I probably shouldn't do this," murmured the Helio Sequence's Brandon Summers before strumming a Bob Dylan tune at a songwriters' showcase some months ago. Against his better judgment, perhaps, Summers went ahead. The results were surprising and impressive. What Summers understood is that channeling Dylan's essence is a slippery slope—one left mostly to the yahoo-derelict-panhandlers on Venice Beach boardwalks, because doing Dylan properly is elusive, if not downright difficult. It's just that those burnouts, and the tourists who watch them, simply don't know any better.
Unabashedly mimicking Dylan's style within one's own work, meanwhile, is like asking to be kicked in the nuts. Then laughed at. Yet solo Swedish folksinger Kristian Matsson, under the moniker the Tallest Man on Earth has managed to make the theft strangely compelling. (After all, Dylan himself was a great thief).
Shallow Grave, Matsson's first full-length released earlier this year on Gravitation Records, draws heavily from Dylan's early solo work. Matsson pushes his reedy vocals through the back of his throat, and cops the trademark nasal near-whine, coloring the vowels bright and bold.
Perhaps Matsson is able to tramp down these similar roads with relative freedom because he isn't American. Indeed, the American experience is central to Dylan's best work, and there is a good chance no one will ever top his insight, timing, and commentary. Luckily, the bony European doesn't have to try.

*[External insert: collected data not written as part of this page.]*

(* Let $Q=\langle b\rangle\ltimes_{(g,\gamma)}X$. For all $i,j,k\in\mathbb Z$ and $x,y,z\in X$, $$[(b^i,x),(b^j,y),(b^k,z)]=\Big(1,\ \Sigma_{I(i+j,i+j+k)}(x,y)+\Sigma_{I(i+k,i+j+k)}(x,z)+\Sigma_{I(j+k,i+j+k)}(y,z)\Big).$$
   Context: Let $(X,+)$ be an abelian group and $(g,\gamma)$ a construction pair on it: $g$ a permutation of $X$, $\gamma:X\times X\to X$ symmetric, alternating, biadditive, with (C1) $g^{-1}(g(x)+g(y))=x+y+\gamma(x,y)+g^{-1}(\gamma(x,y))+g^{-2}(\gamma(x,y))$, (C2) $\gamma(\gamma(x,y),z)=0$, (C3) $g^{-1}(\gamma(x,y))=\gamma(g(x),y)$ for all $x,y,z$. Let $\mathrm{Rad}(\gamma)=\{x:\gamma(x,y)=0\ \forall y\}$ and $r(g,\gamma)$ the least positive $r$ with $\sum_{0\le k<r}g^k(x)\in\mathrm{Rad}(\gamma)$ for all $x$ ($\infty$ if none). $I(i,j)$ is $\emptyset$ if $i=j$, $\{i,\dots,j-1\}$ if $i<j$, $\{j,\dots,i-1\}$ if $j<i$. For $U\subseteq\mathbb Z$, $\Sigma_U(x,y)=\sum_{k\in U}g^{-k}(\gamma(x,y))$. For a cyclic group $C=\langle b\rangle$ such that (if finite) $|g|$ and $r(g,\gamma)$ divide $|C|$, $C\ltimes_{(g,\gamma)}X$ is the Moufang loop on $C\times X$ with multiplication $(b^i,x)(b^j,y)=(b^{i+j},g^{-j}(x)+y+\Sigma_{I(i+j,-j)}(x,y))$ and neutral element $(1,0)$. The associator $[u,v,w]$ in a loop is defined by $(u\cdot vw)[u,v,w]=uv\cdot w$. *)

From HB Require Import structures.
From mathcomp Require Import all_boot all_order all_algebra.
Set Implicit Arguments. Unset Strict Implicit. Unset Printing Implicit Defensive.
Import Order.TTheory GRing.Theory Num.Theory.
Local Open Scope ring_scope.
Theorem theorem6p6 (R : realType) (A : lmodType R[i]) (mul : A -> A -> A) (e : A) :
  is_algebra mul -> strongly_AUF mul -> generating mul e ->
  (exists (I : Type) (al ch : I -> A -> A), left_coord_sys mul e al ch) /\
  (forall (I : Type) (al ch : I -> A -> A), left_coord_sys mul e al ch ->
     (* psi |-> psi|_{eAe} maps SLF(A) to SLF(eAe), and Tr^{psi|eAe} = psi *)
     (forall psi : A -> R[i], SLF mul psi ->
        SLF_eAe mul e psi /\ is_left_pseudotrace mul e al ch psi psi) /\
     (* Tr^phi lies in SLF(A) and restricts to phi on eAe *)
     (forall phi : A -> R[i], SLF_eAe mul e phi ->
        exists psi : A -> R[i], SLF mul psi /\
          (forall b, in_eAe mul e b -> psi b = phi b) /\
          is_left_pseudotrace mul e al ch phi psi)).
Proof.
move=> alg [AUFA _] gen; have ide : idempotent mul e by case: gen.
split.
  have [I [f [idf [orthf [_ fdec]]]]] := AUFA.
  have [fAeA fAeAE] := choice (fun r => generating_idempotent_in_AeA alg gen (idf r)).
  exists ({classic I} * nat)%type.
  exists (@AUF_al _ _ mul e {classic I} f fAeA), (@AUF_ch _ _ mul e {classic I} f fAeA).
  exact: AUF_left_coord_sys.
move=> I al ch lcs; have lcsI : @left_coord_sys _ _ mul e {classic I} al ch := lcs.
split=> [psi SLFpsi | phi phiS].
  have psiS := SLF_restrict e SLFpsi; split=> //.
  have AeA := AUF_generating_in_AeA alg AUFA gen.
  exact (SLF_left_pseudotrace alg ide lcsI psiS SLFpsi AeA).
exists (@ptrace _ _ mul e {classic I} al ch phi).
split; first exact (ptrace_SLF alg ide lcsI phiS).
split; first exact (ptrace_eAe alg ide lcsI phiS).
exact (ptrace_left_pseudotrace alg ide lcsI phiS).
Qed.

And while Matsson employs the same styles—twisting phrases, rhythms, and melody with dense, picturesque imagery that, at times, defies any clear interpretation—his subjects are more introspective and murky, perhaps more fitting for this passive- aggressive generation. In the stirring, brilliant, and catchy "The Gardner," Matsson confesses a vicious defense of perceived inadequacies. Those who would dare share the lies he has told, or that "there ain't no cowboy in my hair," end up "beneath the lilies." He then sings: "So now we're dancing in the garden/and what a garden I have made/and now the death will grow my jasmine/I find it soothing, I'm afraid."
Perhaps the song idea—or the whole Dylan worship—sounds ridiculous, but I assure you it is not. Matsson is earnest and ripe with talent, and you probably haven't heard the last from him. And if at times it feels like you're listening to some recently uncovered tracks from the vaults of young Dylan, well, there ain't nothing wrong with that.